● THE PROBLEM:
A stretch of the entries below is to be set down exactly, running from the line with "Lemma eq_in_op_prod mm" through the line with "rewrite (eq_op_prod _", both included, and no other line.

Records from a data source:
Lemma eq_op_prod mm h f g s : f =1 g -> op_prod mm h f s =1 op_prod mm h g s.
Proof.
elim: s h f g => [|x s IH] h f g fg //=; apply: IH => u.
by apply: eq_bigr => v _; rewrite fg.
Qed.

Lemma eq_in_op_prod mm h f g s :
  {in U h, f =1 g} -> {in U (h + size s), op_prod mm h f s =1 op_prod mm h g s}.
Proof.
elim: s h f g => [|x s IH] h f g fg /=; first by rewrite addn0.
rewrite -addSnnS; apply: IH => u _.
by apply: eq_big_seq => v vU; rewrite fg.
Qed.

Lemma op_prodD mm h f g s u :
  op_prod mm h (fun v => f v + g v) s u = op_prod mm h f s u + op_prod mm h g s u.
Proof.
elim: s h f g => [|x s IH] h f g //=; rewrite -IH; apply: eq_op_prod => v.
by rewrite /op_step -big_split; apply: eq_bigr => w _; rewrite mulrDr.
Qed.

Lemma op_prodZ mm h c f s u :
  op_prod mm h (fun v => c * f v) s u = c * op_prod mm h f s u.
Proof.
elim: s h f => [|x s IH] h f //=; rewrite -IH; apply: eq_op_prod => v.
by rewrite /op_step mulr_sumr; apply: eq_bigr => w _; rewrite mulrCA.
Qed.

Lemma op_prodB mm h f g s u :
  op_prod mm h (fun v => f v - g v) s u = op_prod mm h f s u - op_prod mm h g s u.
Proof.
rewrite (eq_op_prod _ _ (g := fun v => f v + -1 * g v)) => [|v]; last by rewrite mulN1r.
by rewrite op_prodD op_prodZ mulN1r.
Qed.

Lemma op_prod_sum (I : Type) (r : seq I) (c : I -> R) (F : I -> test -> R) mm h s u :
  op_prod mm h (fun v => \sum_(j <- r) c j * F j v) s u =
  \sum_(j <- r) c j * op_prod mm h (F j) s u.
Proof.
elim: r => [|j r IH].
  rewrite big_nil (eq_op_prod _ _ (g := fun _ => 0 * 0)) => [|v]; last first.
    by rewrite big_nil mul0r.
  by rewrite (op_prodZ _ _ _ (fun _ => 0)) mul0r.
rewrite big_cons -IH -op_prodZ -op_prodD; apply: eq_op_prod => v.
by rewrite big_cons.
Qed.

Lemma norm1_sum_le (I : Type) (r : seq I) (c : I -> R) (F : I -> test -> R) h :
  norm1 h (fun u => \sum_(j <- r) c j * F j u) <= \sum_(j <- r) `|c j| * norm1 h (F j).
Proof.
rewrite /norm1; under [leRHS]eq_bigr do rewrite mulr_sumr.
rewrite exchange_big /=; apply: ler_sum => u _.
by apply: le_trans (ler_norm_sum _ _ _) _; apply: ler_sum => j _; rewrite normrM.
Qed.

End Operators.

Lemma fwd_eval_rcons (R : realFieldType) (O A : finType) (U : nat -> seq (test O A))
    (mm : nat -> O -> A -> test O A -> test O A -> R) h (b : test O A -> R) s x :
  fwd_eval U mm h b (rcons s x) = op_prod U mm h b s ([:: x.1], [::]).
Proof.
elim: s h b => [|y s IH] h b //=; rewrite -IH.
by case: s {IH}.
Qed.

Section Process.
Variables (R : realFieldType) (O A : finType).
Local Notation hist := (hist O A).
Local Notation test := (test O A).
Variables (K : hist -> O -> R) (pol : hist -> O -> A -> R).
Hypotheses (HK : is_process K) (Hpol : is_policy pol).

Lemma obs_prob_ge0 tau o : 0 <= K tau o. Proof. by case: HK. Qed.
Lemma sum_obs_prob tau : \sum_o K tau o = 1. Proof. by case: HK. Qed.
Lemma act_prob_ge0 tau o a : 0 <= pol tau o a. Proof. by case: Hpol. Qed.
Lemma sum_act_prob tau o : \sum_a pol tau o a = 1. Proof. by case: Hpol. Qed.

Lemma sum_act_prob_pairs tau : \sum_(x : O * A) pol tau x.1 x.2 = #|O|%:R.
Proof.
rewrite -(pair_bigA _ (fun o a => pol tau o a)) /=.
by rewrite (eq_bigr (fun _ => 1)) ?sumr_const // => o _; rewrite sum_act_prob.
Qed.

Lemma hist_prob_aux_cat p s1 s2 :
  hist_prob_aux K p (s1 ++ s2) = hist_prob_aux K p s1 * hist_prob_aux K (p ++ s1) s2.
Proof.
elim: s1 p => [|[o a] s1 IH] p /=; first by rewrite cats0 mul1r.
by rewrite IH cat_rcons mulrA.
Qed.

Lemma hist_prob_rcons tau x : hist_prob K (rcons tau x) = hist_prob K tau * K tau x.1.
Proof. by rewrite -cats1 /hist_prob hist_prob_aux_cat; case: x => o a /=; rewrite mulr1. Qed.

Lemma hist_prob_aux_ge0 p s : 0 <= hist_prob_aux K p s.
Proof. by elim: s p => [|[o a] s IH] p //=; rewrite mulr_ge0 ?obs_prob_ge0. Qed.

Lemma pol_prob_aux_ge0 p s : 0 <= pol_prob_aux pol p s.
Proof. by elim: s p => [|[o a] s IH] p //=; rewrite mulr_ge0 ?act_prob_ge0. Qed.

Lemma pol_prob_aux_rcons p s x :
  pol_prob_aux pol p (rcons s x) = pol_prob_aux pol p s * pol (p ++ s) x.1 x.2.
Proof.
elim: s p => [|[o a] s IH] p /=; first by case: x => o a /=; rewrite cats0 mulr1 mul1r.
by rewrite IH cat_rcons mulrA.
Qed.

Lemma traj_prob_auxE p s :
  traj_prob_aux K pol p s = hist_prob_aux K p s * pol_prob_aux pol p s.
Proof. by elim: s p => [|[o a] s IH] p /=; rewrite ?mulr1 // IH; ring. Qed.

Lemma test_prob_raw_cons tau o os a w :
  test_prob_raw K tau (o :: os) (a :: w) = K tau o * test_prob_raw K (rcons tau (o, a)) os w.
Proof. by case: os. Qed.

Lemma test_prob_raw_ge0 tau os w : 0 <= test_prob_raw K tau os w.
Proof.
elim: os tau w => [|o os IH] tau [|a w] //; last first.
  by rewrite test_prob_raw_cons mulr_ge0 ?obs_prob_ge0.
by case: os {IH} => [|? ?] /=; rewrite ?obs_prob_ge0.
Qed.

Definition joint_prob (tau : hist) (u : test) : R :=
  hist_prob K tau * test_prob_raw K tau u.1 u.2.

Lemma Ptest_joint u tau : Ptest K u tau = (hist_prob K tau)^-1 * joint_prob tau u.
Proof.
rewrite /Ptest /joint_prob; case: eqP => [->|/eqP tau_reach]; first by rewrite invr0 !mul0r.
by rewrite mulKf.
Qed.

Definition pred_state (tau : hist) : test -> R := fun u => Ptest K u tau.

Lemma norm_Ptest_le u tau : `|Ptest K u tau| <= test_prob_raw K tau u.1 u.2.
Proof.
by rewrite /Ptest; case: ifP; rewrite ?normr0 ?ger0_norm ?test_prob_raw_ge0.
Qed.

Definition pol_wsum (pre : hist) (n : nat) (F : hist -> R) : R :=
  sum_hist n (fun s => pol_prob_aux pol pre s * F s).

Lemma pol_wsum_cons pre n F : pol_wsum pre n.+1 F =
  \sum_(x : O * A) pol pre x.1 x.2 * pol_wsum (rcons pre x) n (fun s => F (x :: s)).
Proof.
apply: eq_bigr => -[o a] _; rewrite /pol_wsum -sum_histZ.
by apply: eq_sum_hist => s _ /=; rewrite mulrA.
Qed.

Lemma ler_pol_wsum pre n F G :
  (forall s, size s = n -> F s <= G s) -> pol_wsum pre n F <= pol_wsum pre n G.
Proof.
by move=> FG; apply: ler_sum_hist => s sn; rewrite ler_wpM2l ?pol_prob_aux_ge0 ?FG.
Qed.

Lemma pol_wsumD pre n F G :
  pol_wsum pre n (fun s => F s + G s) = pol_wsum pre n F + pol_wsum pre n G.
Proof. by rewrite /pol_wsum -sum_histD; apply: eq_sum_hist => s _; rewrite mulrDr. Qed.

Lemma pol_wsumZ pre n c F : pol_wsum pre n (fun s => c * F s) = c * pol_wsum pre n F.
Proof. by rewrite /pol_wsum -sum_histZ; apply: eq_sum_hist => s _; rewrite mulrCA. Qed.

Lemma pol_wsum_sum (I : Type) (r : seq I) pre n (F : I -> hist -> R) :
  pol_wsum pre n (fun s => \sum_(j <- r) F j s) = \sum_(j <- r) pol_wsum pre n (F j).
Proof. by rewrite /pol_wsum -sum_hist_sum; apply: eq_sum_hist => s _; rewrite mulr_sumr. Qed.

Lemma pol_wsum_hist_prob pre n tau : pol_wsum pre n (hist_prob_aux K tau) = 1.
Proof.
elim: n pre tau => [|n IH] pre tau; first by rewrite /pol_wsum /= mulr1.
rewrite pol_wsum_cons -(sum_obs_prob tau).
transitivity (\sum_(x : O * A) pol pre x.1 x.2 * K tau x.1).
  by apply: eq_bigr => -[o a] _ /=; rewrite pol_wsumZ IH mulr1.
rewrite -(pair_bigA _ (fun o a => pol pre o a * K tau o)) /=.
by apply: eq_bigr => o _; rewrite -mulr_suml sum_act_prob mul1r.
Qed.

Definition obs_tails (o : O) (L : seq (seq O)) : seq (seq O) :=
  [seq behead os | os <- L & ohead os == Some o].

Lemma sum_obs_tails (L : seq (seq O)) (F : seq O -> R) : F [::] = 0 ->
  \sum_(os <- L) F os = \sum_o \sum_(os <- obs_tails o L) F (o :: os).
Proof.
move=> F0; transitivity (\sum_(os <- L) \sum_o (if ohead os == Some o then F os else 0)).
  apply: eq_bigr => -[|o0 os] _ /=; first by rewrite big1.
  rewrite (bigD1 o0) //= eqxx big1 ?addr0 // => o /negbTE o_neq.
  by case: eqP => // -[o_eq]; rewrite o_eq eqxx in o_neq.
rewrite exchange_big /=; apply: eq_bigr => o _.
rewrite -big_mkcond -big_filter big_map; apply: eq_big_seq => os.
by rewrite mem_filter; case: os => //= o' os /andP[/eqP [->]].
Qed.

Lemma obs_tails_uniq o L : uniq L -> uniq (obs_tails o L).
Proof.
move=> uL; rewrite map_inj_in_uniq ?filter_uniq // => -[|a s] [|b t];
by rewrite !mem_filter //= => /andP[/eqP[->] _] /andP[/eqP[->] _] ->.
Qed.

Lemma sum_test_prob_obs_le1 w tau (L : seq (seq O)) :
  uniq L -> \sum_(os <- L) test_prob_raw K tau os w <= 1.
Proof.
elim: w tau L => [|a w IH] tau L uL; rewrite sum_obs_tails // -(sum_obs_prob tau);
  apply: ler_sum => o _.
  rewrite (eq_bigr (fun os => if os == [::] then K tau o else 0)) => [|[|o' os] _] //.
  rewrite -big_mkcond sumr_pred1_uniq ?obs_tails_uniq //.
  by case: (_ \in _); rewrite ?mulr1n ?mulr0n ?obs_prob_ge0.
under eq_bigr do rewrite test_prob_raw_cons.
by rewrite -mulr_sumr ler_piMr ?obs_prob_ge0 ?IH ?obs_tails_uniq.
Qed.

Lemma sum_test_prob_le_actions (Us : seq test) tau : uniq Us ->
  \sum_(u <- Us) test_prob_raw K tau u.1 u.2 <= (size (undup (map snd Us)))%:R.
Proof.
move=> uUs; set W := undup (map snd Us).
rewrite (eq_big_seq (fun u => \sum_(w <- W | w == u.2) test_prob_raw K tau u.1 u.2));
  last by move=> u u_in; rewrite sumr_pred1_uniq ?undup_uniq // mem_undup map_f.
rewrite (eq_bigr _ (fun u _ => big_mkcond _ _)) exchange_big /=.
apply: le_trans (_ : _ <= \sum_(w <- W) 1) _; last by rewrite sumr_const_seq.
apply: ler_sum => w _; rewrite -big_mkcond -big_filter.
rewrite (eq_big_seq (fun u => test_prob_raw K tau u.1 w)); last first.
  by move=> u; rewrite mem_filter => /andP[/eqP-> _].
rewrite -(big_map fst xpredT (fun os => test_prob_raw K tau os w)).
apply: sum_test_prob_obs_le1; rewrite map_inj_in_uniq ?filter_uniq // => -[os a] [os' a'].
by rewrite !mem_filter /= => /andP[/eqP<- _] /andP[/eqP<- _] /= ->.
Qed.

End Process.

Section CoreMatrix.
Variable R : realFieldType.

Lemma gram_unitmx p d (M : 'M[R]_(p, d)) : \rank M = d -> M^T *m M \in unitmx.
Proof.
move=> rkM; rewrite -row_free_unit -kermx_eq0; apply/eqP/row_matrixP => i.
rewrite row0; set v := row i _.
have vMM : v *m (M^T *m M) = 0 by apply/sub_kermxP; rewrite row_sub.
set z := v *m M^T.
have zz : z *m z^T = 0 by rewrite /z trmx_mul trmxK !mulmxA -(mulmxA v) vMM mul0mx.
have z0 : z = 0.
  have sq0 : \sum_k z 0 k ^+ 2 = 0.
    transitivity ((z *m z^T) 0 0); last by rewrite zz mxE.
    by rewrite [RHS]mxE; apply: eq_bigr => k _; rewrite [z^T _ _]mxE expr2.
  apply/rowP => j; rewrite [RHS]mxE; apply/eqP; rewrite -sqrf_eq0.
  by move/psumr_eq0P: sq0 => /(_ (fun k _ => sqr_ge0 _) j isT) ->.
apply: (row_free_inj (A := M^T)); first by rewrite /row_free mxrank_tr rkM.
by rewrite /= -/z z0 mul0mx.
Qed.

Lemma mulmx_pinv p d (M : 'M[R]_(p, d)) : \rank M = d -> pinv M *m M = 1%:M.
Proof. by move=> rkM; rewrite /pinv -mulmxA mulVmx ?gram_unitmx. Qed.

Lemma trmx_mul_pinv_resid p d (M : 'M[R]_(p, d)) (w : 'cV_p) :
  \rank M = d -> M^T *m (w - M *m (pinv M *m w)) = 0.
Proof.
by move=> rkM; rewrite mulmxBr /pinv !mulmxA mulmxV ?gram_unitmx // mul1mx subrr.
Qed.

Lemma norm1_mulmx_le p q (M : 'M[R]_(p, q)) (v : 'cV_q) :
  \sum_i `|(M *m v) i 0| <= norm11 M * \sum_j `|v j 0|.
Proof.
apply: le_trans (_ : _ <= \sum_i \sum_j `|M i j| * `|v j 0|) _.
  apply: ler_sum => i _; rewrite mxE; apply: le_trans (ler_norm_sum _ _ _) _.
  by apply: ler_sum => j _; rewrite normrM.
rewrite exchange_big mulr_sumr; apply: ler_sum => j _ /=.
by rewrite -mulr_suml ler_wpM2r // (le_bigmax _ (fun j => \sum_i `|M i j|)).
Qed.

Lemma norm11_pinv_col_ge1 p d (M : 'M[R]_(p, d)) (j : 'I_d) :
  \rank M = d -> 1 <= norm11 (pinv M) * \sum_i `|M i j|.
Proof.
move=> rkM; have := norm1_mulmx_le (pinv M) (col j M).
have -> : \sum_i `|(pinv M *m col j M) i 0| = 1.
  rewrite colE mulmxA mulmx_pinv // mul1mx (bigD1 j) //= mxE !eqxx normr1.
  by rewrite big1 ?addr0 // => i /negbTE ij; rewrite mxE ij normr0.
by under [X in _ <= _ * X]eq_bigr do rewrite mxE.
Qed.

End CoreMatrix.

Section CoreProjection.
Variables (R : realFieldType) (O A : finType).
Local Notation hist := (hist O A).
Local Notation test := (test O A).
Variables (K : hist -> O -> R) (U : nat -> seq test).

Definition vecU k (b : test -> R) : 'cV[R]_(size (U k.+1)) :=
  \col_i b (nth (dtest O A) (U k.+1) i).

Lemma sum_core_vecU k (f b : test -> R) :
  \sum_(v <- U k.+1) f v * b v = ((vecU k f)^T *m vecU k b) 0 0.
Proof.
by rewrite mxE (big_nth (dtest O A)) big_mkord; apply: eq_bigr => i _; rewrite !mxE.
Qed.

Lemma norm1_vecU k (b : test -> R) : norm1 U k.+1 b = \sum_i `|vecU k b i 0|.
Proof.
by rewrite /norm1 (big_nth (dtest O A)) big_mkord; apply: eq_bigr => i _; rewrite mxE.
Qed.

Lemma qspan_orth_pinv_resid k taus (v w : test -> R) :
  \rank (Kmat K U k taus) = size taus ->
  (forall tau, size tau = k -> exists c, qcol K U k tau = Kmat K U k taus *m c) ->
  in_qspan K U k v ->
  (vecU k v)^T *m (vecU k w - Kmat K U k taus *m (pinv (Kmat K U k taus) *m vecU k w)) = 0.
Proof.
set r := _ - _ => rkK spanK [taus' [taus'_k [c vK]]].
have qcol_orth tau : size tau = k -> (qcol K U k tau)^T *m r = 0.
  by case/spanK => c' ->; rewrite trmx_mul -mulmxA trmx_mul_pinv_resid ?mulmx0.
have Kmat_orth : (Kmat K U k taus')^T *m r = 0.
  apply/matrixP => j i; rewrite (ord1 i).
  have /eqP/qcol_orth qj : size (nth [::] taus' j) == k.
    by apply: (allP taus'_k); rewrite mem_nth.
  transitivity (((qcol K U k (nth [::] taus' j))^T *m r) 0 0); last by rewrite qj !mxE.
  by rewrite !mxE; apply: eq_bigr => l _; rewrite !mxE.
by rewrite [vecU k v]vK trmx_mul -mulmxA Kmat_orth mulmx0.
Qed.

● ANSWER TO THE EXERCISE:
Lemma eq_in_op_prod mm h f g s :
  {in U h, f =1 g} -> {in U (h + size s), op_prod mm h f s =1 op_prod mm h g s}.
Proof.
elim: s h f g => [|x s IH] h f g fg /=; first by rewrite addn0.
rewrite -addSnnS; apply: IH => u _.
by apply: eq_big_seq => v vU; rewrite fg.
Qed.

Lemma op_prodD mm h f g s u :
  op_prod mm h (fun v => f v + g v) s u = op_prod mm h f s u + op_prod mm h g s u.
Proof.
elim: s h f g => [|x s IH] h f g //=; rewrite -IH; apply: eq_op_prod => v.
by rewrite /op_step -big_split; apply: eq_bigr => w _; rewrite mulrDr.
Qed.

Lemma op_prodZ mm h c f s u :
  op_prod mm h (fun v => c * f v) s u = c * op_prod mm h f s u.
Proof.
elim: s h f => [|x s IH] h f //=; rewrite -IH; apply: eq_op_prod => v.
by rewrite /op_step mulr_sumr; apply: eq_bigr => w _; rewrite mulrCA.
Qed.

Lemma op_prodB mm h f g s u :
  op_prod mm h (fun v => f v - g v) s u = op_prod mm h f s u - op_prod mm h g s u.
Proof.
rewrite (eq_op_prod _ _ (g := fun v => f v + -1 * g v)) => [|v]; last by rewrite mulN1r.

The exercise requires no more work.